Finally, it should be noted that many of the genes associated with identified biomarkers have a role in muscle and cardiac function, with links to cardiovascular disease (e.g. SELK protects cardiomyocytes from stress, INPPSF modulates cardiac response to stress, TAF3 regulates myocyte differentiation, THBS4 regulates myocardial function, ANK3 regulates cardiac muscle contraction, and MAK10 regulates smooth muscle proliferation). Short sleep has been shown to be associated with cardiovascular disease [61]. Also, because many transcripts have roles in transcription/translation and cell proliferation/apoptosis there are links with a range of different cancers, which may be related to sleep loss and increased risk of cancer observed in shift workers [3]. REST also appears in several of the acute sleep loss lists and, in addition to being a suppressor of neuronal genes in non-neuronal cells, protects neurons from oxidative stress and amyloid β-protein toxicity [62]. REST is down-regulated in Alzheimer’s and its expression levels correlate with longevity [62]. Thus, in addition to representing robust and reliable biomarkers for sleep status, the identified RNA abundance features may also be associated with the long-term adverse effects of sleep disruption.

Specificity of identified blood mRNA biomarkers of sleep debt and practicality of use.

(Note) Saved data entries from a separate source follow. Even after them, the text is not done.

(* Let $n\ge3$ and let $S=(s_{ij})$ be an $n\times n$ magic square, with $x_{ij}=j-\frac{n-1}{2}$, $y_{ij}=\frac{n-1}{2}-i$, $z_{ij}=s_{ij}-\frac{n^2+1}{2}$. Then the covariance matrix of $(X,Y,Z)$ has the form \[ \Sigma=\begin{pmatrix}\mathrm{Var}(X)&\mathrm{Cov}(X,Y)&0\\ \mathrm{Cov}(X,Y)&\mathrm{Var}(Y)&0\\ 0&0&\mathrm{Var}(Z)\end{pmatrix}; \] in particular $Z$ is uncorrelated with both $X$ and $Y$.
   Context: A magic square of order $n$ is an arrangement of $1,\dots,n^2$ (each used once) in an $n\times n$ grid such that every row, every column, and both main diagonals sum to $n(n^2+1)/2$. $X,Y,Z$ are the functions $(i,j)\mapsto x_{ij},y_{ij},z_{ij}$ regarded as random variables under the uniform distribution on the $n^2$ cells; $\mathrm{Var}$ and $\mathrm{Cov}$ are the corresponding population variance and covariance (normalized by $1/n^2$). *)

From mathcomp Require Import all_boot all_order all_algebra.
Set Implicit Arguments. Unset Strict Implicit. Unset Printing Implicit Defensive.
Import Order.TTheory GRing.Theory Num.Theory.
Local Open Scope ring_scope.

Definition magic_square (n : nat) (s : 'I_n -> 'I_n -> nat) : Prop :=
  [/\ (forall i j, 1 <= s i j <= n ^ 2)%N,
      (forall i j k l, s i j = s k l -> i = k /\ j = l) &
     [/\
      (forall i, \sum_(j < n) s i j = n * (n ^ 2 + 1) %/ 2)%N,
      (forall j, \sum_(i < n) s i j = n * (n ^ 2 + 1) %/ 2)%N,
      (\sum_(i < n) s i i = n * (n ^ 2 + 1) %/ 2)%N &
      (\sum_(i < n) s i (rev_ord i) = n * (n ^ 2 + 1) %/ 2)%N]].

(* expectation under the uniform distribution on the n^2 cells *)
Definition cell_mean {R : realFieldType} (n : nat) (f : 'I_n -> 'I_n -> R) : R :=
  (n ^ 2)%:R^-1 * \sum_(i < n) \sum_(j < n) f i j.

Definition cell_cov {R : realFieldType} (n : nat) (f g : 'I_n -> 'I_n -> R) : R :=
  cell_mean (fun i j => (f i j - cell_mean f) * (g i j - cell_mean g)).

Definition cell_var {R : realFieldType} (n : nat) (f : 'I_n -> 'I_n -> R) : R :=
  cell_cov f f.

Definition cov_matrix3 {R : realFieldType} (n : nat)
  (X Y Z : 'I_n -> 'I_n -> R) : 'M[R]_3 :=
  \matrix_(a < 3, b < 3)
    cell_cov (match nat_of_ord a with 0 => X | 1 => Y | _ => Z end)%N
             (match nat_of_ord b with 0 => X | 1 => Y | _ => Z end)%N.

Definition Xc {R : realFieldType} (n : nat) (i j : 'I_n) : R :=
  (j : nat)%:R - ((n : nat)%:R - 1) / 2.
Definition Yc {R : realFieldType} (n : nat) (i j : 'I_n) : R :=
  ((n : nat)%:R - 1) / 2 - (i : nat)%:R.
Definition Zc {R : realFieldType} (n : nat) (s : 'I_n -> 'I_n -> nat) (i j : 'I_n) : R :=
  (s i j)%:R - ((n ^ 2)%N%:R + 1) / 2.

From mathcomp Require Import all_boot all_order all_algebra.
Import Order.TTheory GRing.Theory Num.Theory.
From mathcomp Require Import ring.
Set Implicit Arguments. Unset Strict Implicit. Unset Printing Implicit Defensive.
Local Open Scope ring_scope.

(* Every row and every column of Z sums to zero, while X depends only on the
   column and Y only on the row.  Hence Cov(X, Z) = n^-2 sum_j x_j sum_i z_ij
   = 0, and likewise Cov(Y, Z) = 0. *)

Section CellMoments.
Variables (R : realFieldType) (n : nat).
Implicit Types f g : 'I_n -> 'I_n -> R.

Lemma cell_covC f g : cell_cov f g = cell_cov g f.
Proof.
rewrite /cell_cov /cell_mean; congr (_ * _).
by apply: eq_bigr => i _; apply: eq_bigr => j _; rewrite mulrC.
Qed.

Lemma cell_mean_tr f : cell_mean (fun i j => f j i) = cell_mean f.
Proof. by rewrite /cell_mean exchange_big. Qed.

Lemma cell_cov_tr f g :
  cell_cov (fun i j => f j i) (fun i j => g j i) = cell_cov f g.
Proof.
rewrite /cell_cov -[in RHS]cell_mean_tr -[cell_mean f]cell_mean_tr.
by rewrite -[cell_mean g]cell_mean_tr.
Qed.

Lemma cell_mean_row_sum0 g :
  (forall i, \sum_(j < n) g i j = 0) -> cell_mean g = 0.
Proof. by move=> g0; rewrite /cell_mean big1 ?mulr0. Qed.

Lemma cell_cov_row_sum0 f g (a : 'I_n -> R) :
  (forall i j, f i j = a i) -> (forall i, \sum_(j < n) g i j = 0) ->
  cell_cov f g = 0.
Proof.
move=> fa g0; rewrite /cell_cov (cell_mean_row_sum0 g0).
apply: cell_mean_row_sum0 => i.
under eq_bigr do rewrite subr0 fa.
by rewrite -mulr_sumr g0 mulr0.
Qed.

Lemma cell_cov_col_sum0 f g (a : 'I_n -> R) :
  (forall i j, f i j = a j) -> (forall j, \sum_(i < n) g i j = 0) ->
  cell_cov f g = 0.
Proof.
move=> fa g0; rewrite -cell_cov_tr.
by apply: (cell_cov_row_sum0 (a := a)) => [i j | i]; [apply: fa | apply: g0].
Qed.

End CellMoments.

Lemma natr_magic_constant (R : realFieldType) (n : nat) :
  ((n * (n ^ 2 + 1) %/ 2)%N%:R : R) = n%:R * ((n ^ 2)%N%:R + 1) / 2.
Proof.
have even_n_n2S : (2 %| n * (n ^ 2 + 1))%N.
  by rewrite dvdn2 oddM oddD oddX /=; case: (odd n).
have -> : (n%:R * ((n ^ 2)%N%:R + 1) : R) = (n * (n ^ 2 + 1))%N%:R.
  by rewrite natrM natrD.
by rewrite -{2}(divnK even_n_n2S) natrM mulfK ?pnatr_eq0.
Qed.

Lemma sum_centered_magic (R : realFieldType) (n : nat) (F : 'I_n -> nat) :
  (\sum_(k < n) F k = n * (n ^ 2 + 1) %/ 2)%N ->
  \sum_(k < n) ((F k)%:R - ((n ^ 2)%N%:R + 1) / 2) = 0 :> R.
Proof.
move=> sumF; rewrite sumrB -natr_sum sumF natr_magic_constant sumr_const card_ord.
by rewrite -mulr_natl; ring.
Qed.

Section MagicSquare.
Variables (R : realFieldType) (n : nat) (s : 'I_n -> 'I_n -> nat).
Hypothesis magic_s : magic_square s.

Lemma cov_Xc_Zc : cell_cov (@Xc R n) (@Zc R n s) = 0.
Proof.
case: magic_s => _ _ [_ col_sum _ _].
apply: (cell_cov_col_sum0 (a := fun j : 'I_n => (j : nat)%:R - (n%:R - 1) / 2)) => // j.
exact: sum_centered_magic (col_sum j).
Qed.

Lemma cov_Yc_Zc : cell_cov (@Yc R n) (@Zc R n s) = 0.
Proof.
case: magic_s => _ _ [row_sum _ _ _].
apply: (cell_cov_row_sum0 (a := fun i : 'I_n => (n%:R - 1) / 2 - (i : nat)%:R)) => // i.
exact: sum_centered_magic (row_sum i).
Qed.

End MagicSquare.

Theorem mainTheorem3 (R : realFieldType) (n : nat) (s : 'I_n -> 'I_n -> nat) :
  (3 <= n)%N -> magic_square s ->
  cov_matrix3 (@Xc R n) (@Yc R n) (@Zc R n s) =
  \matrix_(a < 3, b < 3)
    (match nat_of_ord a, nat_of_ord b with
     | O, O => cell_var (@Xc R n)
     | O, S O => cell_cov (@Xc R n) (@Yc R n)
     | S O, O => cell_cov (@Xc R n) (@Yc R n)
     | S O, S O => cell_var (@Yc R n)
     | S (S O), S (S O) => cell_var (@Zc R n s)
     | _, _ => 0
     end).
Proof.
move=> _ magic_s; apply/matrixP => a b; rewrite !mxE.
have XZ := cov_Xc_Zc R magic_s; have YZ := cov_Yc_Zc R magic_s.
case: a => [[|[|[|a]]] ?] //; case: b => [[|[|[|b]]] ?] //=;
  by rewrite 1?cell_covC ?XZ ?YZ.
Qed.
(* Let $(\mathcal{C},\mathbb{E},\mathfrak{s})$ satisfy (ET1), (ET2) and (ET3), and let $\mathbb{F}\subseteq\mathbb{E}$ be an additive subfunctor. If an $\mathbb{F}$-inflation $x:A\to B$ factors through an $\mathbb{E}$-inflation $g:A\to Y$ (i.e. $x=hg$ for some $h:Y\to B$), then $g$ is an $\mathbb{F}$-inflation.
   Context: $\mathcal{C}$ additive, $\mathbb{E}:\mathcal{C}^{\mathrm{op}}\times\mathcal{C}\to\mathrm{Ab}$ biadditive (ET1); for $\delta\in\mathbb{E}(C,A)$, $a:A\to A'$, $c:C'\to C$ put $a_\star\delta=\mathbb{E}(C,a)(\delta)$, $c^\star\delta=\mathbb{E}(c,A)(\delta)$. (ET2): $\mathfrak{s}$ is an additive realization (Nakaoka–Palu): each $\delta\in\mathbb{E}(C,A)$ is assigned an equivalence class of sequences $A\xrightarrow{x}B\xrightarrow{y}C$ (up to isomorphism of middle terms compatible with the maps), $0$ is realized by split sequences, realization respects direct sums, and if $a_\star\delta=c^\star\delta'$ there is $b$ making the realizing sequences commute. A realized pair is an $\mathbb{E}$-triangle $A\xrightarrow{x}B\xrightarrow{y}C\overset{\delta}{\dashrightarrow}$; $x$ is an $\mathbb{E}$-inflation. A triple $(a,b,c)$ of morphisms forming a commutative diagram between realizing sequences with $a_\star\delta=c^\star\delta'$ is a morphism of $\mathbb{E}$-triangles. (ET3): given $\mathbb{E}$-triangles $A\xrightarrow{x}B\to C\overset{\delta}{\dashrightarrow}$, $A'\xrightarrow{x'}B'\to C'\overset{\delta'}{\dashrightarrow}$ and $a:A\to A'$, $b:B\to B'$ with $bx=x'a$, there is $c:C\to C'$ such that $(a,b,c)$ is a morphism of $\mathbb{E}$-triangles. An additive subfunctor $\mathbb{F}\subseteq\mathbb{E}$: subgroups $\mathbb{F}(C,A)\subseteq\mathbb{E}(C,A)$ stable under $a_\star$, $c^\star$. An $\mathbb{F}$-triangle is an $\mathbb{E}$-triangle whose extension lies in $\mathbb{F}$; an $\mathbb{F}$-inflation is the first morphism of an $\mathbb{F}$-triangle. *)

From HB Require Import structures.
From mathcomp Require Import all_boot all_algebra.
Set Implicit Arguments.
Unset Strict Implicit.
Unset Printing Implicit Defensive.
Import GRing.Theory.
Local Open Scope ring_scope.

Record PreaddCat := {
  Obj : Type;
  Mor : Obj -> Obj -> zmodType;
  mcomp : forall X Y Z : Obj, Mor Y Z -> Mor X Y -> Mor X Z;
  idm : forall X : Obj, Mor X X;
  compA : forall X Y Z W (f : Mor Z W) (g : Mor Y Z) (h : Mor X Y),
      mcomp f (mcomp g h) = mcomp (mcomp f g) h;
  comp1m : forall X Y (f : Mor X Y), mcomp (idm Y) f = f;
  compm1 : forall X Y (f : Mor X Y), mcomp f (idm X) = f;
  compDl : forall X Y Z (f f' : Mor Y Z) (g : Mor X Y),
      mcomp (f + f') g = mcomp f g + mcomp f' g;
  compDr : forall X Y Z (f : Mor Y Z) (g g' : Mor X Y),
      mcomp f (g + g') = mcomp f g + mcomp f g'
}.
Arguments Mor : clear implicits.
Arguments mcomp {p X Y Z} _ _.
Arguments idm {p} X.

Definition is_zero_obj (K : PreaddCat) (Z : Obj K) : Prop :=
  idm Z = (0 : Mor K Z Z).

Definition is_biprod (K : PreaddCat) (X1 X2 S : Obj K)
  (i1 : Mor K X1 S) (i2 : Mor K X2 S) (p1 : Mor K S X1) (p2 : Mor K S X2) : Prop :=
  [/\ mcomp p1 i1 = idm X1, mcomp p2 i2 = idm X2,
      mcomp p1 i2 = 0, mcomp p2 i1 = 0
    & mcomp i1 p1 + mcomp i2 p2 = idm S].

Record AddCat := {
  pre :> PreaddCat;
  zero_obj_ex : exists Z : Obj pre, is_zero_obj Z;
  biprod_ex : forall X1 X2 : Obj pre, exists (S : Obj pre)
      (i1 : Mor pre X1 S) (i2 : Mor pre X2 S) (p1 : Mor pre S X1) (p2 : Mor pre S X2),
      is_biprod i1 i2 p1 p2
}.

Definition is_iso (K : PreaddCat) (X Y : Obj K) (f : Mor K X Y) : Prop :=
  exists g : Mor K Y X, mcomp g f = idm X /\ mcomp f g = idm Y.

(* [Ext Z X] is E(Z,X);  [push a d] = a_* d;  [pull c d] = c^* d.       *)
Record BiaddFun (K : AddCat) := {
  Ext : Obj K -> Obj K -> zmodType;
  push : forall Z X X', Mor K X X' -> Ext Z X -> Ext Z X';
  pull : forall Z' Z X, Mor K Z' Z -> Ext Z X -> Ext Z' X;
  push_add : forall Z X X' (a : Mor K X X') (d d' : Ext Z X),
      push a (d + d') = push a d + push a d';
  pull_add : forall Z' Z X (c : Mor K Z' Z) (d d' : Ext Z X),
      pull c (d + d') = pull c d + pull c d';
  push_addm : forall Z X X' (a a' : Mor K X X') (d : Ext Z X),
      push (a + a') d = push a d + push a' d;
  pull_addm : forall Z' Z X (c c' : Mor K Z' Z) (d : Ext Z X),
      pull (c + c') d = pull c d + pull c' d;
  push_id : forall Z X (d : Ext Z X), push (idm X) d = d;
  pull_id : forall Z X (d : Ext Z X), pull (idm Z) d = d;
  push_comp : forall Z X X' X'' (a : Mor K X X') (a' : Mor K X' X'') (d : Ext Z X),
      push (mcomp a' a) d = push a' (push a d);
  pull_comp : forall Z'' Z' Z X (c : Mor K Z' Z) (c' : Mor K Z'' Z') (d : Ext Z X),
      pull (mcomp c c') d = pull c' (pull c d);
  push_pull : forall Z' Z X X' (a : Mor K X X') (c : Mor K Z' Z) (d : Ext Z X),
      push a (pull c d) = pull c (push a d)
}.
Arguments Ext {K} b Z X.
Arguments push {K b Z X X'} a d.
Arguments pull {K b Z' Z X} c d.

(* Realizations: [s Z X d Y x y] means that the sequence               *)
(*   X --x--> Y --y--> Z  realizes d in E(Z,X).                          *)
Definition realization (K : AddCat) (E : BiaddFun K) :=
  forall (Z X : Obj K), Ext E Z X -> forall Y : Obj K, Mor K X Y -> Mor K Y Z -> Prop.

Definition equiv_seq (K : AddCat) (X Y Y' Z : Obj K)
  (x : Mor K X Y) (y : Mor K Y Z) (x' : Mor K X Y') (y' : Mor K Y' Z) : Prop :=
  exists b : Mor K Y Y', [/\ is_iso b, mcomp b x = x' & mcomp y' b = y].

Record additive_realization (K : AddCat) (E : BiaddFun K) (s : realization E) : Prop := {
  real_ex : forall Z X (d : Ext E Z X), exists Y (x : Mor K X Y) (y : Mor K Y Z), s Z X d Y x y;
  real_equiv : forall Z X (d : Ext E Z X) Y x y Y' x' y',
      s Z X d Y x y -> s Z X d Y' x' y' -> @equiv_seq K X Y Y' Z x y x' y';
  real_closed : forall Z X (d : Ext E Z X) Y x y Y' x' y',
      s Z X d Y x y -> @equiv_seq K X Y Y' Z x y x' y' -> s Z X d Y' x' y';
  real_zero : forall X Z S (i1 : Mor K X S) (i2 : Mor K Z S) p1 p2,
      is_biprod i1 i2 p1 p2 -> s Z X 0 S i1 p2;
  real_sum : forall X X' Y Y' Z Z' (d : Ext E Z X) (d' : Ext E Z' X')
      (x : Mor K X Y) (y : Mor K Y Z) (x' : Mor K X' Y') (y' : Mor K Y' Z')
      SX (iX : Mor K X SX) (iX' : Mor K X' SX) pX pX'
      SY (iY : Mor K Y SY) (iY' : Mor K Y' SY) pY pY'
      SZ (iZ : Mor K Z SZ) (iZ' : Mor K Z' SZ) pZ pZ',
      s Z X d Y x y -> s Z' X' d' Y' x' y' ->
      is_biprod iX iX' pX pX' -> is_biprod iY iY' pY pY' -> is_biprod iZ iZ' pZ pZ' ->
      s SZ SX (push iX (pull pZ d) + push iX' (pull pZ' d')) SY
        (mcomp iY (mcomp x pX) + mcomp iY' (mcomp x' pX'))
        (mcomp iZ (mcomp y pY) + mcomp iZ' (mcomp y' pY'));
  real_morph : forall X Z X' Z' (d : Ext E Z X) (d' : Ext E Z' X')
      (a : Mor K X X') (c : Mor K Z Z') Y x y Y' x' y',
      s Z X d Y x y -> s Z' X' d' Y' x' y' -> push a d = pull c d' ->
      exists b : Mor K Y Y', mcomp b x = mcomp x' a /\ mcomp y' b = mcomp c y
}.

Definition ET3 (K : AddCat) (E : BiaddFun K) (s : realization E) : Prop :=
  forall X Z X' Z' (d : Ext E Z X) (d' : Ext E Z' X') Y (x : Mor K X Y) (y : Mor K Y Z)
    Y' (x' : Mor K X' Y') (y' : Mor K Y' Z') (a : Mor K X X') (b : Mor K Y Y'),
    s Z X d Y x y -> s Z' X' d' Y' x' y' -> mcomp b x = mcomp x' a ->
    exists c : Mor K Z Z', mcomp c y = mcomp y' b /\ push a d = pull c d'.

Record add_subfunctor (K : AddCat) (E : BiaddFun K) := {
  sub : forall Z X, Ext E Z X -> Prop;
  sub0 : forall Z X, sub (0 : Ext E Z X);
  subD : forall Z X (d d' : Ext E Z X), sub d -> sub d' -> sub (d + d');
  subN : forall Z X (d : Ext E Z X), sub d -> sub (- d);
  sub_push : forall Z X X' (a : Mor K X X') (d : Ext E Z X), sub d -> sub (push a d);
  sub_pull : forall Z' Z X (c : Mor K Z' Z) (d : Ext E Z X), sub d -> sub (pull c d)
}.
Arguments sub {K E} a0 {Z X} _.

Definition E_inflation (K : AddCat) (E : BiaddFun K) (s : realization E)
  (X Y : Obj K) (x : Mor K X Y) : Prop :=
  exists (Z : Obj K) (y : Mor K Y Z) (d : Ext E Z X), s Z X d Y x y.

Definition F_inflation (K : AddCat) (E : BiaddFun K) (s : realization E)
  (F : add_subfunctor E) (X Y : Obj K) (x : Mor K X Y) : Prop :=
  exists (Z : Obj K) (y : Mor K Y Z) (d : Ext E Z X), sub F d /\ s Z X d Y x y.

(* Applying (ET3) to the E-triangle of g, the F-triangle of x, the identity of
   A and h : Y -> B gives c with e = c^* d, where e and d are the extensions of
   the two triangles; F is stable under pullback, so e lies in F.  Only (ET3)
   is used, not (ET2). *)
From mathcomp Require Import all_boot all_algebra.

Section FactorThroughInflation.

Context {K : AddCat} {E : BiaddFun K} {s : realization E}.
Hypothesis HET3 : ET3 s.

Lemma ET3_pull_of_factorization {A B Y Z C : Obj K}
    {g : Mor K A Y} {z : Mor K Y Z} {e : Ext E Z A}
    {x : Mor K A B} {y : Mor K B C} {d : Ext E C A} {h : Mor K Y B} :
  s Z A e Y g z -> s C A d B x y -> x = mcomp h g ->
  exists c : Mor K Z C, e = pull c d.
Proof.
move=> se sd x_hg.
have hg_x : mcomp h g = mcomp x (idm A) by rewrite compm1 x_hg.
have [c [_ e_cd]] := HET3 _ _ _ _ _ _ _ _ _ _ _ _ _ _ se sd hg_x.
by exists c; rewrite -e_cd push_id.
Qed.

End FactorThroughInflation.

Theorem lemma3p11 (K : AddCat) (E : BiaddFun K) (s : realization E)
  (ET2 : additive_realization s) (HET3 : ET3 s) (F : add_subfunctor E)
  (A B Y : Obj K) (x : Mor K A B) (g : Mor K A Y) (h : Mor K Y B) :
  F_inflation s F x -> E_inflation s g -> x = mcomp h g -> F_inflation s F g.
Proof.
move=> [C [y [d [Fd sd]]]] [Z [z [e se]]] x_hg.
have [c e_cd] := ET3_pull_of_factorization HET3 se sd x_hg.
exists Z, z, e; split=> //.
by rewrite e_cd; apply: sub_pull.
Qed.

Sleep, circadian processes and external (i.e. lifestyle and environmental) factors all interact. In our protocol, the effects of external factors were minimized as we assessed a cohort of healthy individuals of similar age, under clinically controlled conditions. However, samples collected across the constant routine describe changes in the transcriptome in response to sleep debt that also include circadian modulation. We thus considered the timing of samples, focused on those comparisons that removed the confounding effects of circadian processes, to identify specific biomarkers of sleep debt.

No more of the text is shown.